## TASK ITEM
Below are entries; copy exactly the lines from the one with "by rewrite (gtn_eqF (ltn_ord i)) mul0r." through the one with "move=> r0; rewrite !mxE.", both included, and leave out the rest.

## INFORMATION SHOWN
========================================================================

(* Let $\Bbbk$ be a field and $f(t)=1+\sum_{k\ge1}a_kt^k\in\Bbbk[[t]]$, with $a_0=1$. Write $\frac1{f(t)}=\sum_{k\ge0}D_k(f)t^k$. Let $P_{f,k}(t)=(-1)^k\det\begin{pmatrix} 1&a_1t&\ldots &a_kt^k\\ 1&a_1&\ldots &a_k\\ 0&1&\ldots &a_{k-1}\\ \vdots&\ddots&\ddots&\vdots\\ 0&\ldots &1&a_1 \end{pmatrix}$ for $k\ge1$, $P_{f,0}=1$. Then: (a) $P_{f,k}(t)=\sum_{j=0}^k a_jD_{k-j}(f)\,t^j$ for all $k\ge0$; (b) for any $\Bbbk$-algebra $\mathcal A$ and $x,y\in\mathcal A$, $f(x)\,y\,f(x)^{-1}=y+z_1+z_2+\cdots$, where $z_k=\sum_{i=0}^k a_iD_{k-i}(f)\,x^iyx^{k-i}$ for $k\ge1$.
   Context: $D_k(f)$ equals $(-1)^k\det$ of the $k\times k$ Toeplitz matrix with first row $(a_1,\dots,a_k)$, and row $r\ge2$ having zeros in its first $r-2$ entries, $1$ in entry $r-1$, then $a_1,a_2,\dots$; $D_0(f)=1$. In (b) the infinite sum is understood formally, e.g. replacing $x$ by $\tau x$ for a formal variable $\tau$ and reading the identity in $\mathcal A[[\tau]]$. *)

From HB Require Import structures.
From mathcomp Require Import all_boot all_order all_algebra.
Set Implicit Arguments. Unset Strict Implicit. Unset Printing Implicit Defensive.
Import Order.TTheory GRing.Theory Num.Theory.
Local Open Scope ring_scope.

(* Formal power series over a ring R are represented by their coefficient
   sequences  nat -> R ; the product in R[[tau]] is the Cauchy product. *)
Definition ps_mul (R : pzRingType) (F G : nat -> R) : nat -> R :=
  fun n => \sum_(i < n.+1) F i * G (n - i)%N.

Definition ps_one (R : pzRingType) : nat -> R := fun n => (n == 0%N)%:R.

(* The (k+1) x (k+1) matrix whose determinant times (-1)^k is P_{f,k}(t):
   row 0 is (a_0, a_1 t, ..., a_k t^k); row r >= 1 is
   (0,...,0, a_0 = 1 (column r-1), a_1, a_2, ...). *)
Definition Pmat (K : fieldType) (a : nat -> K) (k : nat) : 'M[{poly K}]_k.+1 :=
  \matrix_(r < k.+1, j < k.+1)
    if r == 0 :> nat then (a j)%:P * 'X^j
    else if (r.-1 <= j)%N then (a (j - r.-1)%N)%:P else 0.

Definition Pfk (K : fieldType) (a : nat -> K) (k : nat) : {poly K} :=
  (-1) ^+ k * \det (Pmat a k).

From mathcomp Require Import all_boot all_algebra.
From mathcomp Require Import zify.
From Stdlib Require Import FunctionalExtensionality.
Set Implicit Arguments. Unset Strict Implicit. Unset Printing Implicit Defensive.
Import GRing.Theory.
Local Open Scope ring_scope.

(* (a) Multiplying the matrix of P_{f,k} on the right by the upper unitriangular
   Toeplitz matrix of 1/f turns every row r >= 1 into the unit row e_{r-1}, since
   f * (1/f) = 1; expanding along the last column leaves the (0, k) entry, which is
   sum_j a_j D_{k-j} t^j.
   (b) The inverse of f(tau x) is sum_k D_k tau^k x^k: the power series
   sum_k c_k tau^k x^k multiply like the scalar series sum_k c_k t^k, so the
   conjugate f(tau x) y f(tau x)^-1 has coefficients sum_i a_i D_{k-i} x^i y x^{k-i}. *)

Lemma ps_mulC (R : comPzRingType) : commutative (@ps_mul R).
Proof.
move=> F G; apply: functional_extensionality => n; rewrite /ps_mul.
rewrite (reindex_inj rev_ord_inj) /=; apply: eq_bigr => i _.
by rewrite subSS subKn 1?mulrC // -ltnS.
Qed.

Section ScaledPowers.

Variables (R : comPzRingType) (A : algType R) (x : A).

Lemma ps_mul_scaled_powers (c d : nat -> R) :
  ps_mul (fun k => c k *: x ^+ k) (fun k => d k *: x ^+ k)
  = fun n => ps_mul c d n *: x ^+ n.
Proof.
apply: functional_extensionality => n; rewrite /ps_mul scaler_suml.
apply: eq_bigr => i _.
by rewrite -scalerAl -scalerAr scalerA -exprD subnKC // -ltnS.
Qed.

Lemma ps_one_scaled_powers : (fun n => ps_one R n *: x ^+ n) = ps_one A.
Proof.
apply: functional_extensionality => -[|n]; rewrite /ps_one /=.
  by rewrite scale1r expr0.
by rewrite scale0r.
Qed.

End ScaledPowers.

Lemma ps_mul_const_r (R : pzRingType) (F : nat -> R) (y : R) :
  ps_mul F (fun k => if k == 0%N then y else 0) = fun n => F n * y.
Proof.
apply: functional_extensionality => n; rewrite /ps_mul big_ord_recr /= subnn eqxx.
rewrite big1 ?add0r // => i _.
by rewrite subn_eq0 leqNgt ltn_ord mulr0.
Qed.

Lemma sum_shifted_conv (R : pzRingType) (a D : nat -> R) (n s j : nat) :
  (j < n)%N ->
  \sum_(i < n) ((if (s <= i)%N then a (i - s)%N else 0) *
                (if (i <= j)%N then D (j - i)%N else 0))
  = if (s <= j)%N then ps_mul a D (j - s) else 0.
Proof.
move=> ljn.
pose t i := (if (s <= i)%N then a (i - s)%N else 0) *
            (if (i <= j)%N then D (j - i)%N else 0).
rewrite -(big_mkord xpredT t) (big_cat_nat _ (n := j.+1)) //=.
have tail0 : \sum_(j.+1 <= i < n) t i = 0.
  apply: big1_seq => i; rewrite mem_index_iota => /andP[_ /andP[hi _]].
  by rewrite /t [(i <= j)%N]leqNgt hi mulr0.
rewrite tail0 addr0; case: (leqP s j) => hsj; last first.
  apply: big1_seq => i; rewrite mem_index_iota => /andP[_ hi].
  by rewrite /t leqNgt (leq_trans hi hsj) mul0r.
rewrite (big_cat_nat _ (n := s)) //=; last exact: leq_trans hsj _.
have head0 : \sum_(0 <= i < s) t i = 0.
  apply: big1_seq => i; rewrite mem_index_iota => /andP[_ /andP[_ hi]].
  by rewrite /t [(s <= i)%N]leqNgt hi mul0r.
rewrite head0 add0r -{1}(add0n s) big_addn subSn // big_mkord /ps_mul.
apply: eq_bigr => i _; have hi := ltn_ord i.
have isj : (i + s <= j)%N by lia.
by rewrite /t leq_addl addnK isj subnDA subnAC.
Qed.

Lemma det_unit_rows_col_max (R : comPzRingType) (k : nat) (N : 'M[R]_k.+1) :
  (forall r j : 'I_k.+1, r != 0 :> nat -> N r j = (j.+1 == r)%:R) ->
  \det N = (-1) ^+ k * N 0 ord_max.
Proof.
move=> Nrow; rewrite (expand_det_col N ord_max) big_ord_recl big1 ?addr0.
  have minor1 : row' 0 (col' ord_max N) = 1%:M.
    apply/matrixP => r c; rewrite !mxE Nrow; last by rewrite lift0.
    by rewrite lift_max lift0 eqSS eq_sym.
  by rewrite /cofactor minor1 det1 mulr1 add0n mulrC.
move=> i _; rewrite Nrow ?lift0 // eqSS.
by rewrite (gtn_eqF (ltn_ord i)) mul0r.
Qed.

Section DeterminantFormula.

Variables (K : fieldType) (a D : nat -> K) (k : nat).

Definition toeplitz_upper : 'M[{poly K}]_k.+1 :=
  \matrix_(i, j) (if (i <= j)%N then (D (j - i)%N)%:P else 0).

Lemma det_toeplitz_upper : \det toeplitz_upper = (D 0%N)%:P ^+ k.+1.
Proof.
rewrite -det_tr det_trig; last first.
  by apply/is_trig_mxP => i j hij; rewrite !mxE leqNgt hij.
rewrite (eq_bigr (fun=> (D 0%N)%:P)) ?prodr_const ?card_ord // => i _.
by rewrite !mxE leqnn subnn.
Qed.

Hypothesis aD1 : ps_mul a D = ps_one K.

Lemma Pmat_toeplitz_row (r j : 'I_k.+1) : r != 0 :> nat ->
  (Pmat a k *m toeplitz_upper) r j = (j.+1 == r)%:R.
Proof.
move=> r0; rewrite !mxE.
transitivity ((\sum_(i < k.+1) ((if (r.-1 <= i)%N then a (i - r.-1)%N else 0) *
                (if (i <= j)%N then D (j - i)%N else 0)))%:P).
  rewrite rmorph_sum; apply: eq_bigr => i _; rewrite !mxE (negbTE r0).
  by case: (r.-1 <= i)%N; case: (i <= j)%N; rewrite ?rmorphM ?mulr0 ?mul0r ?rmorph0.
rewrite sum_shifted_conv // aD1 /ps_one; case: (val r) r0 => // r' _ /=.
rewrite eqSS; case: leqP => [hrj|hjr]; last by rewrite ltn_eqF.
by rewrite subn_eq0 eq_sym eqn_leq hrj polyC_natr.
Qed.

Lemma Pmat_toeplitz_corner :
  (Pmat a k *m toeplitz_upper) 0 ord_max
  = \sum_(j < k.+1) (a j * D (k - j)%N) *: 'X^j.
Proof.
rewrite !mxE; apply: eq_bigr => i _; rewrite !mxE /= leq_ord.
by rewrite -mulrA (mulrC 'X^i) mulrA -polyCM mul_polyC.
Qed.

End DeterminantFormula.

Theorem proposition2p3 (K : fieldType) (a : nat -> K) (D : nat -> K) :
  a 0%N = 1 ->
  (* D is the coefficient sequence of 1/f, i.e. f * (sum_k D_k t^k) = 1 *)
  (forall n : nat, \sum_(i < n.+1) a i * D (n - i)%N = (n == 0%N)%:R) ->
  (* (a) *)
  (forall k : nat,
     Pfk a k = \sum_(j < k.+1) (a j * D (k - j)%N) *: 'X^j)
  /\
  (* (b): in A[[tau]], with x replaced by tau x *)
  (forall (A : algType K) (x y : A),
     let F : nat -> A := fun k => a k *: x ^+ k in
     let Y : nat -> A := fun k => if k == 0%N then y else 0 in
     let Z : nat -> A := fun k =>
       if k == 0%N then y
       else \sum_(i < k.+1) (a i * D (k - i)%N) *: (x ^+ i * y * x ^+ (k - i)%N) in
     exists G : nat -> A,
       ps_mul F G = ps_one A /\ ps_mul G F = ps_one A /\
       ps_mul (ps_mul F Y) G = Z).
Proof.
move=> a0 hD.
have aD1 : ps_mul a D = ps_one K by apply: functional_extensionality.
have D0 : D 0%N = 1 by have := hD 0%N; rewrite big_ord1 a0 mul1r.
split=> [k | A x y F Y Z].
  have detU : \det (toeplitz_upper D k) = 1 by rewrite det_toeplitz_upper D0 expr1n.
  have detPU : \det (Pmat a k *m toeplitz_upper D k) = \det (Pmat a k).
    by rewrite det_mulmx detU mulr1.
  rewrite /Pfk -detPU (det_unit_rows_col_max (Pmat_toeplitz_row aD1)).
  by rewrite Pmat_toeplitz_corner signrMK.
exists (fun k => D k *: x ^+ k).
split; first by rewrite ps_mul_scaled_powers aD1 ps_one_scaled_powers.
split; first by rewrite ps_mul_scaled_powers ps_mulC aD1 ps_one_scaled_powers.
rewrite ps_mul_const_r; apply: functional_extensionality => n; rewrite /ps_mul /Z.
have -> : \sum_(i < n.+1) a i *: x ^+ i * y * (D (n - i)%N *: x ^+ (n - i)%N)
  = \sum_(i < n.+1) (a i * D (n - i)%N) *: (x ^+ i * y * x ^+ (n - i)%N).
  by apply: eq_bigr => i _; rewrite -scalerAr -!scalerAl scalerA mulrC.
case: eqP => // ->.
by rewrite big_ord1 a0 D0 mul1r scale1r expr0 mul1r mulr1.
Qed.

========================================================================

## EXERCISE OUTPUT
by rewrite (gtn_eqF (ltn_ord i)) mul0r.
Qed.

Section DeterminantFormula.

Variables (K : fieldType) (a D : nat -> K) (k : nat).

Definition toeplitz_upper : 'M[{poly K}]_k.+1 :=
  \matrix_(i, j) (if (i <= j)%N then (D (j - i)%N)%:P else 0).

Lemma det_toeplitz_upper : \det toeplitz_upper = (D 0%N)%:P ^+ k.+1.
Proof.
rewrite -det_tr det_trig; last first.
  by apply/is_trig_mxP => i j hij; rewrite !mxE leqNgt hij.
rewrite (eq_bigr (fun=> (D 0%N)%:P)) ?prodr_const ?card_ord // => i _.
by rewrite !mxE leqnn subnn.
Qed.

Hypothesis aD1 : ps_mul a D = ps_one K.

Lemma Pmat_toeplitz_row (r j : 'I_k.+1) : r != 0 :> nat ->
  (Pmat a k *m toeplitz_upper) r j = (j.+1 == r)%:R.
Proof.
move=> r0; rewrite !mxE.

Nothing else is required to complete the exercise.